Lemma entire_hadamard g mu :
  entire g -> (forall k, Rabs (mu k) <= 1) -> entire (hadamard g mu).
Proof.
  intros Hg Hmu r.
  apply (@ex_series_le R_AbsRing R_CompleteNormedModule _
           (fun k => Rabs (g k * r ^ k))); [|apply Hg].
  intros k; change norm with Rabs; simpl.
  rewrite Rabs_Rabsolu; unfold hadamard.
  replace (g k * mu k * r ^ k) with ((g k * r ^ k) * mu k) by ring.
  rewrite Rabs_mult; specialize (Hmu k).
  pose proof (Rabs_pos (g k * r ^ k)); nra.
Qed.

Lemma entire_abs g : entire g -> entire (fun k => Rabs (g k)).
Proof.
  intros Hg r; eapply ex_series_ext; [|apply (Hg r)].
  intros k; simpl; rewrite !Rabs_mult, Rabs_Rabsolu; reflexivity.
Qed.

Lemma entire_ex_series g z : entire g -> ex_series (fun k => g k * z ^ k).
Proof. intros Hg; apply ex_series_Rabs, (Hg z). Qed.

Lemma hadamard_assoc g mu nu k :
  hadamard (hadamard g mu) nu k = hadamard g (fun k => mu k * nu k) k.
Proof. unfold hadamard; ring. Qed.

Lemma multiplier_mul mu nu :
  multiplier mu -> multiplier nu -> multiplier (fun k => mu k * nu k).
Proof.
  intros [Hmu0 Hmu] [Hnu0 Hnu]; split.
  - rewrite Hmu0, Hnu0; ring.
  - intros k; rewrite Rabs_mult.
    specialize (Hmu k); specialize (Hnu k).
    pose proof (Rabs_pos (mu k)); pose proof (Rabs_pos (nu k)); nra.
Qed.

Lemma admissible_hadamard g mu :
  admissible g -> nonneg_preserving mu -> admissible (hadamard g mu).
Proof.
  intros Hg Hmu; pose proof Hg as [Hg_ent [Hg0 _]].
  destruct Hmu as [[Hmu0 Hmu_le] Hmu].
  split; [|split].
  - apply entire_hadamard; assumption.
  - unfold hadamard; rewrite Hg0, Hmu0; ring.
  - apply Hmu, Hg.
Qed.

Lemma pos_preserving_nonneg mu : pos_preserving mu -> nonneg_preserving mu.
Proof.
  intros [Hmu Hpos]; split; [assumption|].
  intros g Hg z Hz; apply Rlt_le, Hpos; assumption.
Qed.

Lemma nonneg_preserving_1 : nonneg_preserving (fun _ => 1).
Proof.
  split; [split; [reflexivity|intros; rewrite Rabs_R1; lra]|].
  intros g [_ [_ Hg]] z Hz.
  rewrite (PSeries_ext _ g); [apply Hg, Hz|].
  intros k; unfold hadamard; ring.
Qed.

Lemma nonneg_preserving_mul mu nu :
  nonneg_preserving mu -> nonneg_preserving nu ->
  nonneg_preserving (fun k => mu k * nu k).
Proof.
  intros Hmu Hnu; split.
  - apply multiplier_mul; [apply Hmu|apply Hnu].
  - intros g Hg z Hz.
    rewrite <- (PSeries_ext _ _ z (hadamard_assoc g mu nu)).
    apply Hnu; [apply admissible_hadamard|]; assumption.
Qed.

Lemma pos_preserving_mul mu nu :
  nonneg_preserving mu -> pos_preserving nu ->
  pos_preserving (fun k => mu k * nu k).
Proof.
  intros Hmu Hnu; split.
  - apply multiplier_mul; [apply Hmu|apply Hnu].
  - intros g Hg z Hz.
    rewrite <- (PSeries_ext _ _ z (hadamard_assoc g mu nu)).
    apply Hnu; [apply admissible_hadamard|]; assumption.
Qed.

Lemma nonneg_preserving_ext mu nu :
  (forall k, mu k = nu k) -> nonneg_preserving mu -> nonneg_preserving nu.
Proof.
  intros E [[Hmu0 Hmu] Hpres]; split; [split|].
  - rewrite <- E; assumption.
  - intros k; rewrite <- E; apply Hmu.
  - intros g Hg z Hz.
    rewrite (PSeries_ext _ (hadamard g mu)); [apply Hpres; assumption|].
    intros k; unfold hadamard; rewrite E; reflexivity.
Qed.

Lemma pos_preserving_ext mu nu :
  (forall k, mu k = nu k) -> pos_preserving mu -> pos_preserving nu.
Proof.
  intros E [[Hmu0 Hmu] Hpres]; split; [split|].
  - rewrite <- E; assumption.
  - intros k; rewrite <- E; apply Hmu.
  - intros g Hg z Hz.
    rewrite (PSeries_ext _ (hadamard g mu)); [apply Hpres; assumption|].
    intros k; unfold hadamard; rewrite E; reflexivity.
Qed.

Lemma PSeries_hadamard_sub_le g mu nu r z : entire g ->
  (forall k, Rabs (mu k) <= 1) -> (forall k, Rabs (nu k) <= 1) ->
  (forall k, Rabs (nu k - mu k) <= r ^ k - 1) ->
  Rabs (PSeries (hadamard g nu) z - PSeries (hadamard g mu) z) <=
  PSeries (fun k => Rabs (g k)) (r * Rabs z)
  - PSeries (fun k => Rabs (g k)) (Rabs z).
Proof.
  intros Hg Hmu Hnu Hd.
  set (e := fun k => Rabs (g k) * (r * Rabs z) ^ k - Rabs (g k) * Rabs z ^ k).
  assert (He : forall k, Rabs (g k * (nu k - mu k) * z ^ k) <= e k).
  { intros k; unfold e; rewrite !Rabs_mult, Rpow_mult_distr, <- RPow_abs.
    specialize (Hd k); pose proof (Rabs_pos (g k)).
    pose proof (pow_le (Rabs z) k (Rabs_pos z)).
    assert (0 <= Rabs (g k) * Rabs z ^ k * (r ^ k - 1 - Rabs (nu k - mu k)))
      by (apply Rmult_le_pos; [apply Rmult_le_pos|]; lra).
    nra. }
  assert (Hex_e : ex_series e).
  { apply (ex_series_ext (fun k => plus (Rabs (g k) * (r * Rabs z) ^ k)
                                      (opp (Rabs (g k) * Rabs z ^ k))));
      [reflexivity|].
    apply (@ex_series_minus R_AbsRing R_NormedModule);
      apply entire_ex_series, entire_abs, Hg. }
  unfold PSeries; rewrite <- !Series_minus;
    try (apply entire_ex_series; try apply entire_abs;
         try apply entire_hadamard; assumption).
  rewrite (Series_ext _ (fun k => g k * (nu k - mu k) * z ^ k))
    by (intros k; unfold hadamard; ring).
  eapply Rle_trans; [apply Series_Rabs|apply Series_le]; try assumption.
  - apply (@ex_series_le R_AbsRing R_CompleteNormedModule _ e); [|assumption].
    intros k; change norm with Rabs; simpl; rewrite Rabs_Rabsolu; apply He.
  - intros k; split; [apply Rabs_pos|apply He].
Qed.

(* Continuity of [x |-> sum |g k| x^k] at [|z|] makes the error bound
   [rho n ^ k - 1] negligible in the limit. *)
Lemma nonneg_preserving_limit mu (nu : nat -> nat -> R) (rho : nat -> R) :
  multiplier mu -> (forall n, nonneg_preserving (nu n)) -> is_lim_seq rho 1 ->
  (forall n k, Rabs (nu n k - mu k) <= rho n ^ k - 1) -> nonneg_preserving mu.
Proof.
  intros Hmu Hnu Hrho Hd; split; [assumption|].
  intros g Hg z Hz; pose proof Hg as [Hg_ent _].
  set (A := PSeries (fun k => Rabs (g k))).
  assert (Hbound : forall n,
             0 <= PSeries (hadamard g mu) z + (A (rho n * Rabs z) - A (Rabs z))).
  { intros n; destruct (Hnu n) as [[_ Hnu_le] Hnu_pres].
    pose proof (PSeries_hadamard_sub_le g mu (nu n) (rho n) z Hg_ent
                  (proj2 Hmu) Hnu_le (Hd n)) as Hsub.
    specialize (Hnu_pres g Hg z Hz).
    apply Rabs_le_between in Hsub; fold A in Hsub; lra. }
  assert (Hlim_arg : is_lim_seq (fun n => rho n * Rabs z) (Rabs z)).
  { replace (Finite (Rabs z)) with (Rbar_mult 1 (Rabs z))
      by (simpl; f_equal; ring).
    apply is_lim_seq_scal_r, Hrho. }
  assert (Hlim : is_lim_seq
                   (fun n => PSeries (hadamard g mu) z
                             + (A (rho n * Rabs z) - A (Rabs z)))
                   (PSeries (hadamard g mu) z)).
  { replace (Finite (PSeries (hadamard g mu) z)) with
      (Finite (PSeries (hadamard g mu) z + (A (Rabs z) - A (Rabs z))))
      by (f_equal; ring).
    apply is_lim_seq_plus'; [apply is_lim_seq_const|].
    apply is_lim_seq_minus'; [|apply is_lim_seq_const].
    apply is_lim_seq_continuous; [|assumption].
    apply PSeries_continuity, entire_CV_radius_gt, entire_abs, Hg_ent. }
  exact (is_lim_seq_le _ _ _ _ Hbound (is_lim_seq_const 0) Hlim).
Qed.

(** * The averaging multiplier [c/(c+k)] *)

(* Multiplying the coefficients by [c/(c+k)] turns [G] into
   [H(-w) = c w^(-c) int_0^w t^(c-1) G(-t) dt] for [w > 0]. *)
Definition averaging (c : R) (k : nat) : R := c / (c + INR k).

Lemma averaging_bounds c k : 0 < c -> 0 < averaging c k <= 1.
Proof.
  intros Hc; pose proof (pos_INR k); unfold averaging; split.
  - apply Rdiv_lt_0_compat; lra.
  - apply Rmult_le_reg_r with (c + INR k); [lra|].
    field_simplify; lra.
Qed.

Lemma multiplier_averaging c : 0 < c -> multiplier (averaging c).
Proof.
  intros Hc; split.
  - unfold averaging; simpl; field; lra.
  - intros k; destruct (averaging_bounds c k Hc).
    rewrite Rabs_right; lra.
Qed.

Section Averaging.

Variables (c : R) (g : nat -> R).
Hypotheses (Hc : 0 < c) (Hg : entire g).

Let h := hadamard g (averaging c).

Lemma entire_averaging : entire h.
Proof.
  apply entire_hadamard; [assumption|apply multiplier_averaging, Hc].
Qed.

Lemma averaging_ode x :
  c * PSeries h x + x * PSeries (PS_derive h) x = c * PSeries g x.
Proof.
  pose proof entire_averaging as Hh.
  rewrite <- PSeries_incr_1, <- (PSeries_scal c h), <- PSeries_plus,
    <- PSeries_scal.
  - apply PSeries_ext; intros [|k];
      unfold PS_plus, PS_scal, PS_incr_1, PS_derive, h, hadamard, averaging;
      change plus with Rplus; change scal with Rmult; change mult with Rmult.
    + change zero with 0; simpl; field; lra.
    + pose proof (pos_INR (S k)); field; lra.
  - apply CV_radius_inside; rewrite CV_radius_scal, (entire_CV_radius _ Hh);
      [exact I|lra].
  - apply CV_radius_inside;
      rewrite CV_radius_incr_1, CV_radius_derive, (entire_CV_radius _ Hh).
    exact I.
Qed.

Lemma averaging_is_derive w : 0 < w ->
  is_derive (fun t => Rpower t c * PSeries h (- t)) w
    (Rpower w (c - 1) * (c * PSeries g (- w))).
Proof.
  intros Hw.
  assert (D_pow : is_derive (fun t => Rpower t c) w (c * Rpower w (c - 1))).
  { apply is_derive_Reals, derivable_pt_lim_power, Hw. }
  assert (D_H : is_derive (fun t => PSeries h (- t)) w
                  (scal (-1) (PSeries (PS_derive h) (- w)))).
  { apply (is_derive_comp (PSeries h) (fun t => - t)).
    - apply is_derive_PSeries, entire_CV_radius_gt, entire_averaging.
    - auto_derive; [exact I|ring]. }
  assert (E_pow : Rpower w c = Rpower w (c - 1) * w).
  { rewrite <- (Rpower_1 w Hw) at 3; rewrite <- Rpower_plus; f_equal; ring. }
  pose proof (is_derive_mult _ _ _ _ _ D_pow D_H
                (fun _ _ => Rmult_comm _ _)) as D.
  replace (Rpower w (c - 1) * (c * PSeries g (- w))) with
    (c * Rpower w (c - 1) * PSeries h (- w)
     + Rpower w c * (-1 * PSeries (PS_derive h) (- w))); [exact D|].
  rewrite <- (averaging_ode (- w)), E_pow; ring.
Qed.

____

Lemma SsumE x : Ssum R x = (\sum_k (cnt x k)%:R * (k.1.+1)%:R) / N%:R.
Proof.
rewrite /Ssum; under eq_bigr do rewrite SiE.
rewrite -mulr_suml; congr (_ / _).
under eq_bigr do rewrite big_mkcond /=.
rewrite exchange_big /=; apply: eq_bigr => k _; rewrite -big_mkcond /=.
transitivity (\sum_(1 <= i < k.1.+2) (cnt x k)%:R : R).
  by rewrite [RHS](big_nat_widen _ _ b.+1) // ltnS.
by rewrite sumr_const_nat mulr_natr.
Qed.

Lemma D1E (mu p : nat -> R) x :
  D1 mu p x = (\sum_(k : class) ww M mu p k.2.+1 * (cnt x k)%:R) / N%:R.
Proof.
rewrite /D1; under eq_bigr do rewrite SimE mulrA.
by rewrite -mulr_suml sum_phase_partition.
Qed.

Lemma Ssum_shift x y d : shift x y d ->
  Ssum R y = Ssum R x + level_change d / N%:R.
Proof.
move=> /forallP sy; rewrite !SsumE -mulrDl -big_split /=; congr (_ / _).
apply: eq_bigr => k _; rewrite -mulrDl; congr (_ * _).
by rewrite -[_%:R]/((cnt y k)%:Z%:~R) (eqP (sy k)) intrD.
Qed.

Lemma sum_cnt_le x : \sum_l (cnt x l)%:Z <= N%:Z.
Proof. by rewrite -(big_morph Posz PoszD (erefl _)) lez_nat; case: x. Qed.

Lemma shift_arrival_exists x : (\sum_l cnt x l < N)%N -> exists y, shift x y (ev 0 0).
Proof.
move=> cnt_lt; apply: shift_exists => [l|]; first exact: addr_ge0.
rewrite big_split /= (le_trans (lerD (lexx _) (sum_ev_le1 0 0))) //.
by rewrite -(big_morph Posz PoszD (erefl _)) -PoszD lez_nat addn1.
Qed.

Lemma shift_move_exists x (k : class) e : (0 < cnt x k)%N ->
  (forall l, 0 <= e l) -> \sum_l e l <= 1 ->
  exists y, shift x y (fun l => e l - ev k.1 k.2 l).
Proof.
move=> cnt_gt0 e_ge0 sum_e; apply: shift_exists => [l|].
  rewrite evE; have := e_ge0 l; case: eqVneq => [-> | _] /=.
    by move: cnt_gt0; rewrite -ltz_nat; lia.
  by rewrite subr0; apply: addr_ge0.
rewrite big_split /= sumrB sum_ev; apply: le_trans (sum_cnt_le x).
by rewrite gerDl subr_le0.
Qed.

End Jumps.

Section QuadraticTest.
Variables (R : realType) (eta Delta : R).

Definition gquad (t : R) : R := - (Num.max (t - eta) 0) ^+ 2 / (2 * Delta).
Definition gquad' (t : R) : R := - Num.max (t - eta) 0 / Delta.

____

What is being asked:
Could you reproduce exactly the lines of the entries above, from the one with "specialize (Hmu k); specialize (Hnu k)." through the one with "- unfold hadamard; rewrite Hg0, Hmu0; ring.", and nothing else?

Solved exercise:
    specialize (Hmu k); specialize (Hnu k).
    pose proof (Rabs_pos (mu k)); pose proof (Rabs_pos (nu k)); nra.
Qed.

Lemma admissible_hadamard g mu :
  admissible g -> nonneg_preserving mu -> admissible (hadamard g mu).
Proof.
  intros Hg Hmu; pose proof Hg as [Hg_ent [Hg0 _]].
  destruct Hmu as [[Hmu0 Hmu_le] Hmu].
  split; [|split].
  - apply entire_hadamard; assumption.
  - unfold hadamard; rewrite Hg0, Hmu0; ring.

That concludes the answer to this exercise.